PPARs and their ligands have a principal role in inflammation and immune regulations in the gastrointestinal tract system. Hepatic PPARs play an essential role in fatty acids and glucose metabolism, supplying energy to peripheral tissues and encountering contaminant-induced toxicity (Xi et al., 2020). AMPK and sirtuin-1 (SIRT-1) have been described to directly increase PPAR-γ activity (Cantó and Auwerx, 2009), suggesting that FIP may suppress the expression of PPAR-γ in rat liver tissue. Moreover, FIP may enhance the raising of liver TNF-α-induced inhibition in PPAR-γ hepatic expression. The result agrees with the study of Sun (2017) who revealed that imidacloprid-mediated hepatic inflammation remarkably increased the expression of TNF-α, as well as inhibited PPAR-γ expression during acid oxidation in the liver.
In the current study, treatment with Vit.
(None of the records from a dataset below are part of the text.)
(* The rule $R$ is a well-defined function $\Sigma^n\to\Sigma^n$: there is no $s\in\Sigma^n$ with $ICR_0(s)\in\mathrm{Reps}$, $ICR_1(s)\in\mathrm{Reps}$ and $ICR_0(s)\neq ICR_2(s)$ (in particular, if $k>2$ there is no $s$ with both $ICR_0(s),ICR_1(s)\in\mathrm{Reps}$).
   Context: Let $k\ge 2$, $\Sigma=\{0,\dots,k-1\}$ with arithmetic modulo $k$, $n\ge 1$, and $s=s[0]\cdots s[n-1]\in\Sigma^n$. For an integer $j$, $ICR_j(s)=s[1]\cdots s[n-1](s[0]+j)$; each $ICR_j$ is a bijection of $\Sigma^n$; $ICR=ICR_1$. Let $\mathbf N$ be the set of cycles (orbits) of the permutation $ICR_1$ of $\Sigma^n$; $orbit(s)$ is the cycle containing $s$. Let $\mathbf G$ be the directed graph on $\mathbf N$ with an arc $(\mathcal U,\mathcal V)$ iff some $s\in\mathcal U$ has $ICR_0(s)\in\mathcal V$. Let $\mathbf T$ be a directed spanning tree of $\mathbf G$ rooted at $\mathcal R\in\mathbf N$ (arcs from parent to child), with parent map $parent$ on $\mathbf N\setminus\{\mathcal R\}$; the depth of a cycle is its distance from the root (root has depth $0$). For each $\mathcal U\ne\mathcal R$, a representative $rep(\mathcal U)$ is a fixed node $s\in\mathcal U$ with $ICR_0^{-1}(s)\in parent(\mathcal U)$ and $s[n-1]\equiv \text{depth}(\mathcal U)\pmod k$ (such a node is assumed to exist and one is fixed). $\mathrm{Reps}$ is the set of all representatives. Define $R(s)=ICR_0(s)$ if $ICR_0(s)\in\mathrm{Reps}$; $R(s)=ICR_2(s)$ if $ICR_1(s)\in\mathrm{Reps}$; $R(s)=ICR_1(s)$ otherwise. *)

From mathcomp Require Import all_boot all_algebra.
Set Implicit Arguments. Unset Strict Implicit. Unset Printing Implicit Defensive.
Import GRing.Theory.
Local Open Scope ring_scope.

(* Words s = s[0]..s[n-1] over Sigma = Z/kZ (k >= 2 assumed in the theorem). *)
Definition word (k n : nat) := {ffun 'I_n -> 'Z_k}.

(* ICR_j(s) = s[1] ... s[n-1] (s[0] + j).  Position i < n-1 gets s[i+1];
   position n-1 gets s[0] + j.  (insubd i _ only supplies a default index.) *)
Definition icr (k n : nat) (j : 'Z_k) (s : word k n) : word k n :=
  [ffun i : 'I_n => if (i.+1 < n)%N then s (insubd i i.+1)
                    else s (insubd i 0%N) + j].

Definition cycle_of (k n : nat) (s : word k n) : {set word k n} :=
  [set t | fconnect (icr 1) s t].

Definition cycles (k n : nat) : {set {set word k n}} :=
  [set cycle_of s | s : word k n].

Definition arcG (k n : nat) (U V : {set word k n}) : bool :=
  [exists s in U, icr 0 s \in V].

Definition spanning_tree (k n : nat) (Rt : {set word k n})
    (par : {set word k n} -> {set word k n}) : Prop :=
  Rt \in cycles k n /\
  (forall U, U \in cycles k n -> U != Rt ->
       par U \in cycles k n /\ arcG (par U) U) /\
  (forall U, U \in cycles k n -> exists m, iter m par U = Rt).

(* depth = distance to the root in the tree = least m with par^m(U) = Rt
   (searched below the bound #|{set word}|, which exceeds the number of
   cycles, hence any tree path length). *)
Definition depth (k n : nat) (Rt : {set word k n})
    (par : {set word k n} -> {set word k n}) (U : {set word k n}) : nat :=
  find (fun m => iter m par U == Rt) (iota 0 #|{: {set word k n}}|).

Definition valid_reps (k n : nat) (Rt : {set word k n})
    (par : {set word k n} -> {set word k n})
    (rep : {set word k n} -> word k n) : Prop :=
  forall U, U \in cycles k n -> U != Rt ->
    [/\ rep U \in U,
        finv (icr 0) (rep U) \in par U &
        forall i : 'I_n, i.+1 = n -> rep U i = (depth Rt par U)%:R].

Definition Reps (k n : nat) (Rt : {set word k n})
    (rep : {set word k n} -> word k n) : {set word k n} :=
  [set rep U | U in cycles k n :\ Rt].

(** Let [icr 0 s = rep U] and [icr 1 s = rep V].  Since [icr 0] is a bijection,
    [s] is the [icr 0]-predecessor of [rep U], so [s] lies in [par U]; and
    [icr 1 s] lies in the [icr 1]-cycle of [s], so [V = par U].  Hence
    [depth U = depth V + 1].  The last letters of [icr 0 s] and [icr 1 s] are
    [s[0]] and [s[0] + 1], and they must equal [depth U] and [depth V] mod [k];
    so [s[0] = s[0] + 2], i.e. [2 = 0] in [Z/kZ], and then [icr 0 s = icr 2 s]. *)

From mathcomp Require Import all_boot all_algebra.
Set Implicit Arguments. Unset Strict Implicit. Unset Printing Implicit Defensive.
Import GRing.Theory.
Local Open Scope ring_scope.

Lemma traject_iota (T : Type) (f : T -> T) (x : T) (m : nat) :
  traject f x m = [seq iter i f x | i <- iota 0 m].
Proof.
elim: m x => [|m IHm] x //=; rewrite IHm (iotaDl 1 0) -map_comp.
by congr (_ :: _); apply: eq_map => i /=; rewrite -iterSr.
Qed.

Section FindexIter.
Variables (T : finType) (f : T -> T).

Lemma find_iter_iota (x y : T) (m : nat) : fconnect f x y -> (#|T| <= m)%N ->
  find (fun i => iter i f x == y) (iota 0 m) = findex f x y.
Proof.
move=> xy leTm.
have -> : find (fun i => iter i f x == y) (iota 0 m) = index y (traject f x m).
  by rewrite traject_iota /index find_map.
rewrite -(subnKC (leq_trans (max_card (fconnect f x)) leTm)) trajectD index_cat.
by rewrite -/(orbit f x) -fconnect_orbit xy.
Qed.

Lemma findex_le_iter (x : T) (i : nat) : (findex f x (iter i f x) <= i)%N.
Proof.
case: (ltnP i (order f x)) => [lt_i|le_i]; first by rewrite findex_iter.
exact/ltnW/(leq_trans (findex_max (fconnect_iter f i x))).
Qed.

Lemma findexS (x y : T) : fconnect f x y -> x != y ->
  findex f x y = (findex f (f x) y).+1.
Proof.
move=> xy neq_xy; have := findex_eq0 f x y; rewrite (negbTE neq_xy).
case def_e: (findex f x y) => [|e] // _.
have fx_e : iter e f (f x) = y by rewrite -iterSr -def_e iter_findex.
have fxy : fconnect f (f x) y by rewrite -fx_e fconnect_iter.
have := findex_le_iter x (findex f (f x) y).+1.
rewrite iterSr iter_findex // def_e ltnS => le_e.
by apply/eqP; rewrite eqSS eqn_leq le_e -[in findex _ _ y]fx_e findex_le_iter.
Qed.

End FindexIter.

Lemma icr_last (k n : nat) (j : 'Z_k) (s : word k n) (i : 'I_n) :
  i.+1 = n -> icr j s i = s (insubd i 0%N) + j.
Proof. by move=> iE; rewrite /icr ffunE iE ltnn. Qed.

Lemma icr_inj (k n : nat) (j : 'Z_k) : injective (@icr k n j).
Proof.
move=> s s' eq_icr; apply/ffunP => x.
have n_gt0 : (0 < n)%N by apply: leq_ltn_trans (ltn_ord x).
case: (posnP x) => [x0|x_gt0].
- have lt_last : (n.-1 < n)%N by rewrite prednK.
  have := congr1 (fun w : word k n => w (Ordinal lt_last)) eq_icr => /=.
  rewrite !icr_last /= ?prednK //.
  have -> : insubd (Ordinal lt_last) 0%N = x by apply: val_inj; rewrite /= insubdK ?x0.
  exact: addIr.
- have lt_pred : (x.-1 < n)%N by apply: leq_ltn_trans (leq_pred _) (ltn_ord x).
  have := congr1 (fun w : word k n => w (Ordinal lt_pred)) eq_icr => /=.
  rewrite /icr !ffunE /= prednK // ltn_ord.
  suff -> : insubd (Ordinal lt_pred) x = x by [].
  by apply: val_inj; rewrite /= insubdK //; apply: ltn_ord.
Qed.

Lemma cycle_of_eq (k n : nat) (s t : word k n) :
  fconnect (icr 1) s t -> cycle_of s = cycle_of t.
Proof.
move=> st; apply/setP => u; rewrite !inE.
exact: (same_connect (fconnect_sym (@icr_inj k n 1)) st).
Qed.

Lemma cycles_cycle_of (k n : nat) (A : {set word k n}) (t : word k n) :
  A \in cycles k n -> t \in A -> A = cycle_of t.
Proof. by case/imsetP => s _ -> /[1!inE]; apply: cycle_of_eq. Qed.

Section SpanningTree.
Variables (k n : nat) (Rt : {set word k n}) (par : {set word k n} -> {set word k n}).
Hypothesis tree : spanning_tree Rt par.

Lemma par_cycles (U : {set word k n}) :
  U \in cycles k n -> U != Rt -> par U \in cycles k n.
Proof. by case: tree => _ [par_arc _] Ucyc /(par_arc U Ucyc) []. Qed.

Lemma fconnect_root (U : {set word k n}) : U \in cycles k n -> fconnect par U Rt.
Proof. by case: tree => _ [_ to_root] /to_root [m <-]; apply: fconnect_iter. Qed.

Lemma depthE (U : {set word k n}) :
  U \in cycles k n -> depth Rt par U = findex par U Rt.
Proof. by move=> Ucyc; rewrite /depth find_iter_iota ?fconnect_root. Qed.

Lemma depth_par (U : {set word k n}) : U \in cycles k n -> U != Rt ->
  depth Rt par U = (depth Rt par (par U)).+1.
Proof.
by move=> Ucyc UR; rewrite !depthE ?par_cycles // findexS ?fconnect_root.
Qed.

Variable rep : {set word k n} -> word k n.
Hypothesis reps : valid_reps Rt par rep.

Lemma par_of_icr_reps (s : word k n) (U V : {set word k n}) :
  U \in cycles k n -> U != Rt -> V \in cycles k n -> V != Rt ->
  icr 0 s = rep U -> icr 1 s = rep V -> V = par U.
Proof.
move=> Ucyc UR Vcyc VR eU eV.
have s_parU : s \in par U.
  by case: (reps Ucyc UR) => _ + _; rewrite -eU finv_f //; apply: icr_inj.
have icr1s_V : icr 1 s \in V by case: (reps Vcyc VR); rewrite eV.
rewrite (cycles_cycle_of Vcyc icr1s_V) (cycles_cycle_of (par_cycles Ucyc UR) s_parU).
exact/esym/cycle_of_eq/fconnect1.
Qed.

End SpanningTree.

Theorem lemma9 (k n : nat) (hk : (1 < k)%N) (hn : (0 < n)%N)
    (Rt : {set word k n}) (par : {set word k n} -> {set word k n})
    (rep : {set word k n} -> word k n) :
  spanning_tree Rt par -> valid_reps Rt par rep ->
  ~ (exists s : word k n,
       [/\ icr 0 s \in Reps Rt rep, icr 1 s \in Reps Rt rep & icr 0 s != icr 2 s]).
Proof.
move=> tree reps [s [/imsetP [U + eU] /imsetP [V + eV] neq_icr02]].
rewrite !inE => /andP [UR Ucyc] /andP [VR Vcyc].
have V_parU := par_of_icr_reps tree reps Ucyc UR Vcyc VR eU eV.
have [i iE] : exists i : 'I_n, i.+1 = n.
  have lt_last : (n.-1 < n)%N by rewrite prednK.
  by exists (Ordinal lt_last); rewrite /= prednK.
have lastU : s (insubd i 0%N) + 0 = (depth Rt par U)%:R.
  by rewrite -icr_last // eU; case: (reps U Ucyc UR) => _ _ ->.
have lastV : s (insubd i 0%N) + 1 = (depth Rt par V)%:R.
  by rewrite -icr_last // eV; case: (reps V Vcyc VR) => _ _ ->.
have two_eq0 : (2 : 'Z_k) = 0.
  apply: (addrI (s (insubd i 0%N))).
  by rewrite lastU depth_par // -V_parU -[in RHS]natr1 -lastV -addrA.
by move: neq_icr02; rewrite two_eq0 eqxx.
Qed.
D3 + FIP showed up-regulation in AMPK-α and PPAR-γ expressions in liver tissue. Vit. D3 decreases the expression of sterol regulatory element-binding protein 1 (SREBP-1) along with its target genes, acetyl-CoA carboxylase (ACC) and fatty acid synthase (FAS), resulting in inhibition in triglycerides synthesis and glucose output by the induction of hepatic AMPK-α expression (Mostafa et al., 2016). Manna et al. (2017) reported that Vit. D3 supplementation up-regulates SIRT-1 expression and AMPK-α phosphorylation by improving glucose metabolism via insulin receptor substrate-1 (IRS-1)/glucose transporter-4 (GLUT4) cascade.
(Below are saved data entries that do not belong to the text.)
Lemma Psi_error_identity b k s N :
  rpsum (fun p => b p * neg_pow s p) N - k * Psi s N =
  (rpsum b N - k * prime_count_approx N) * neg_pow s N +
  sum_below (fun m => (rpsum b m - k * prime_count_approx m) *
                      (neg_pow s m - neg_pow s (S m))) N.
Proof.
  rewrite abel_summation. unfold Psi.
  rewrite (sum_below_ext (fun m => (rpsum b m - k * prime_count_approx m) * _)
    (fun m => rpsum b m * (neg_pow s m - neg_pow s (S m)) +
      (- k) * (prime_count_approx m * (neg_pow s m - neg_pow s (S m))))) by (intros; ring).
  rewrite sum_below_plus, sum_below_scal. ring.
Qed.

Lemma weighted_prime_sum_asymptotic b k s e : prime_density b k -> 0 <= s -> 0 < e ->
  exists c, eventually (fun N =>
    Rabs (rpsum (fun p => b p * neg_pow s p) N - k * Psi s N) <= e * Psi s N + c).
Proof.
  intros Hb Hs He.
  destruct (prime_density_partial_sums b k e Hb He) as [N0 HN0].
  destruct (sum_below_abs_le_eventually
    (fun m => (rpsum b m - k * prime_count_approx m) * (neg_pow s m - neg_pow s (S m)))
    (fun m => e * (prime_count_approx m * (neg_pow s m - neg_pow s (S m))))) as [c Hc].
  { intros m. apply Rmult_le_pos; [lra | apply Psi_weight_nonneg, Hs]. }
  { exists (max N0 1). intros m Hm.
    rewrite Rabs_mult, (Rabs_pos_eq (neg_pow s m - _)) by (apply neg_pow_decr; [lra | lia]).
    rewrite <- Rmult_assoc. apply Rmult_le_compat_r; [apply neg_pow_decr; [lra | lia] |].
    apply HN0. lia. }
  exists c, N0. intros N HN. rewrite Psi_error_identity.
  eapply Rle_trans; [apply Rabs_triang|]. specialize (Hc N).
  rewrite sum_below_scal in Hc. unfold Psi.
  assert (Rabs ((rpsum b N - k * prime_count_approx N) * neg_pow s N)
          <= e * (prime_count_approx N * neg_pow s N)).
  { rewrite Rabs_mult, (Rabs_pos_eq (neg_pow s N)) by apply Rlt_le, neg_pow_pos.
    rewrite <- Rmult_assoc. apply Rmult_le_compat_r; [apply Rlt_le, neg_pow_pos | apply HN0, HN]. }
  lra.
Qed.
The present results are also in agreement with the study of Hoseini et al. (2016) who reported that there was an increase in hepatic PPAR-γ expression when rats were supplemented with a high dose of Vit. D3 suggested that Vit. D by itself is capable of increasing FA oxidation and increasing glucose uptake by AMPK phosphorylation
The present histological analysis indicated that ingestion of FIP induced liver cell degeneration, and necrosis, besides the presence of inflammatory cells. Such results go parallel with the previous results of Moussa et al. (2015); and Abdel-Daim et al. (2018) who reported that FIP caused hepatocyte degeneration, congestion of central veins, and sinusoids further focal hemorrhage and necrosis in hepatic tissue which might be due to oxidative stress-induced elevation in lipid peroxidation and depletion in the activities of enzymatic and non-enzymatic antioxidants.
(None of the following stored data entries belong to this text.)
Lemma sum_sqr_mul_coboundary_indicator (e : cochain R n) (G : {set 'I_n}) :
  #|G| = k.-1 ->
  \sum_(H in sets_of_card _ k) (e H * coboundary k X (indicator R G) H) ^+ 2
    = \sum_(H in sets_of_card _ k | G \subset H) e H ^+ 2.
Proof.
move=> cG; have GX : G \in faces X k.-1.
  by rewrite faces_complete ?leq_pred ?sets_of_cardE ?cG.
rewrite big_mkcondr; apply: eq_bigr => H; rewrite sets_of_cardE => /eqP cH.
rewrite /coboundary (bigD1 G) //= big1 ?addr0 => [|G' /andP[_ nG'G]]; last first.
  by rewrite /indicator (negbTE nG'G) mulr0.
rewrite /indicator eqxx mulr1 exprMn.
have [sGH|nsGH] := boolP (G \subset H); last by rewrite incidence_notsub // expr0n mulr0.
by rewrite incidence_sqr ?mulr1 // cH cG prednK.
Qed.

Lemma sum_sqr_coboundary_indicator (G : {set 'I_n}) : #|G| = k.-1 ->
  \sum_(H in sets_of_card _ k) coboundary k X (indicator R G) H ^+ 2 = (n - k.-1)%:R.
Proof.
move=> cG; transitivity
  (\sum_(H in sets_of_card _ k) ((fun=> 1) H * coboundary k X (indicator R G) H) ^+ 2).
  by apply: eq_bigr => H _; rewrite mul1r.
rewrite sum_sqr_mul_coboundary_indicator // -(prednK hk) -(sum_cofacets _ cG) /=.
by rewrite sumr_const expr1n -[n in (n - _)%N]card_ord -(cardsC G) cG addKn.
Qed.

End CompleteSkeleton.

Section CocycleEstimate.
Variables (R : realFieldType) (n k : nat) (b : cochain R n).
Hypotheses (hk : (0 < k)%N) (hb : is_cocycle k b).

Lemma cocycle_sqr_le (F : {set 'I_n}) (v : 'I_n) : #|F| = k ->
  b F ^+ 2 <= k%:R *
    \sum_(G in sets_of_card _ k.-1 | G \subset F) (v \notin G)%:R * b (v |: G) ^+ 2.
Proof.
move=> cF; rewrite -(sum_facets (fun G => (v \notin G)%:R * b (v |: G) ^+ 2)) ?prednK //.
have [vF|vF] := boolP (v \in F).
  rewrite (bigD1 v) //= setD11 setD1K //= mul1r.
  set rest := \sum_(_ | _) _.
  have rest_ge0 : 0 <= rest by apply: sumr_ge0 => x _; rewrite mulr_ge0 ?ler0n ?sqr_ge0.
  apply: (@le_trans _ _ (b F ^+ 2 + rest)); first by rewrite lerDl.
  by rewrite ler_peMl ?addr_ge0 ?sqr_ge0 // ler1n.
set K := v |: F.
have cK : #|K| = k.+1 by rewrite cardsU1 vF cF.
have := hb cK; rewrite (bigD1 v) ?setU11 //= setU1K //.
rewrite (eq_bigl (fun x => x \in F)) => [/eqP|x]; last first.
  by rewrite !inE; case: (x =P v) => [->|_] /=; rewrite ?(negbTE vF) ?andbT.
(* Since [b] is a cocycle, [b F] is a signed sum of [b] over the other facets of [K]. *)
rewrite addr_eq0 => /eqP sbF.
have -> : b F ^+ 2 = (\sum_(x in F) facet_sign R K x * b (K :\ x)) ^+ 2.
  by rewrite -[in RHS]sqrrN -sbF exprMn sqrr_sign mul1r.
apply: le_trans (sqr_sum_le_card_sum_sqr _ _) _.
rewrite cF ler_wpM2l ?ler0n //; apply: ler_sum => x xF.
have xv : x != v by apply: contraNneq vF => <-.
have -> : K :\ x = v |: (F :\ x).
  by apply/setP => u; rewrite !inE; case: (u =P v) => [->|] //=; rewrite andbT eq_sym.
by rewrite exprMn sqrr_sign mul1r !inE negb_and vF orbT mul1r.
Qed.

Let star_mass (G : {set 'I_n}) : R :=
  \sum_(H in sets_of_card _ k | G \subset H) b H ^+ 2.

Lemma sum_cofacet_sqr (G : {set 'I_n}) : #|G| = k.-1 ->
  \sum_v (v \notin G)%:R * b (v |: G) ^+ 2 = star_mass G.
Proof.
move=> cG; rewrite /star_mass -(prednK hk) -(sum_cofacets _ cG).
rewrite (bigID (fun v => v \in G)) /= big1 ?add0r => [|v vG]; last by rewrite vG mul0r.
by apply: eq_big => [v|v vG]; rewrite ?inE // vG mul1r.
Qed.

Lemma cocycle_sqr_le_star (F : {set 'I_n}) : #|F| = k ->
  n%:R * b F ^+ 2 <= k%:R * \sum_(G in sets_of_card _ k.-1 | G \subset F) star_mass G.
Proof.
move=> cF; rewrite -[n in n%:R]card_ord mulr_natl -sumr_const.
apply: le_trans (ler_sum _ (fun v _ => cocycle_sqr_le v cF)) _.
rewrite -mulr_sumr exchange_big /= ler_wpM2l ?ler0n //.
by apply: ler_sum => G /andP[]; rewrite sets_of_cardE => /eqP cG _; rewrite sum_cofacet_sqr.
Qed.

Lemma sum_star_mass :
  \sum_(G in sets_of_card _ k.-1) star_mass G = k%:R * \sum_(H in sets_of_card _ k) b H ^+ 2.
Proof.
rewrite /star_mass (exchange_big_dep (mem (sets_of_card _ k))) /=; last by move=> ? ? _ /andP[].
rewrite mulr_sumr; apply: eq_bigr => H HS.
rewrite (eq_bigl (fun G => (G \in sets_of_card _ k.-1) && (G \subset H))) => [|G]; last first.
  by rewrite HS.
move: HS; rewrite sets_of_cardE => /eqP cH.
by rewrite -(sum_facets (fun=> b H ^+ 2)) ?prednK // sumr_const cH mulr_natl.
Qed.

Lemma cocycle_weighted_sqr_le (e : cochain R n) (c : R) :
  (forall G : {set 'I_n}, #|G| = k.-1 ->
     \sum_(H in sets_of_card _ k | G \subset H) e H ^+ 2 <= c * n%:R) ->
  \sum_(F in sets_of_card _ k) (e F * b F) ^+ 2
    <= k%:R ^+ 2 * c * \sum_(F in sets_of_card _ k) b F ^+ 2.
Proof.
move=> he; have [n0|n_gt0] := posnP n.
  suff -> : sets_of_card 'I_n k = set0 by rewrite !big_set0 mulr0.
  apply/setP => F; rewrite sets_of_cardE inE; apply: contraTF hk => /eqP <-.
  by rewrite -leqNgt -n0 -[n in (_ <= n)%N]card_ord max_card.
have star_mass_ge0 G : 0 <= star_mass G by apply: sumr_ge0 => H _; apply: sqr_ge0.
rewrite -(@ler_pM2l _ n%:R) ?ltr0n // [leLHS]mulr_sumr.
apply: (@le_trans _ _ (\sum_(F in sets_of_card _ k)
   e F ^+ 2 * (k%:R * \sum_(G in sets_of_card _ k.-1 | G \subset F) star_mass G))).
  apply: ler_sum => F; rewrite sets_of_cardE => /eqP cF.
  by rewrite exprMn mulrCA ler_wpM2l ?sqr_ge0 ?cocycle_sqr_le_star.
under eq_bigr do rewrite mulrCA mulr_sumr.
rewrite -mulr_sumr (exchange_big_dep (mem (sets_of_card _ k.-1))) /=; last first.
  by move=> ? ? _ /andP[].
apply: (@le_trans _ _ (k%:R * \sum_(G in sets_of_card _ k.-1) (c * n%:R) * star_mass G)).
  rewrite ler_wpM2l ?ler0n //; apply: ler_sum => G GS; rewrite -mulr_suml ler_wpM2r //.
  rewrite (eq_bigl (fun H => (H \in sets_of_card _ k) && (G \subset H))) => [|H]; last first.
    by rewrite GS.
  by apply: he; move: GS; rewrite sets_of_cardE => /eqP.
rewrite -mulr_sumr sum_star_mass; lra.
Qed.

End CocycleEstimate.

Lemma sqrt_le_mul_sqrt (R : rcfType) (a c f : R) : 0 <= f -> 0 <= c ->
  (Num.sqrt a <= f * Num.sqrt c) = (a <= f ^+ 2 * c).
Proof.
move=> f_ge0 c_ge0; rewrite -[f in f * _](ger0_norm f_ge0) -sqrtr_sqr -sqrtrM ?sqr_ge0 //.
by rewrite ler_sqrt // mulr_ge0 ?sqr_ge0.
Qed.

Section LocalBound.
Variables (R : rcfType) (n k : nat) (X : {set {set 'I_n}}).
Hypotheses (hk : (0 < k)%N) (hskel : complete_skeleton k X).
Meanwhile, the changes in liver function marker enzymes as well as inflammatory biomarkers confirmed the histological alteration (Elgawish et al., 2018). However, administration of Vit. D3 with FIP showed a more or less normal appearance of the liver. These results are in agreement with Özerkan et al. (2017) who reported that Vit. D3 showed anti-hepatotoxic effects because it plays an important role as a potent antioxidant by scavenging free radicals and blocking lipid oxidation. Furthermore, Abo El-Magd and Eraky (2020) established that Vit. D3 supplementation prevents the progression of hepatic fibrosis and inhibits necrosis of liver tissue. This may be referred to its hepatoprotective effects by limiting oxidative damage, reducing the pro and inflammatory responses, and preventing fibrogenesis via its antioxidant properties.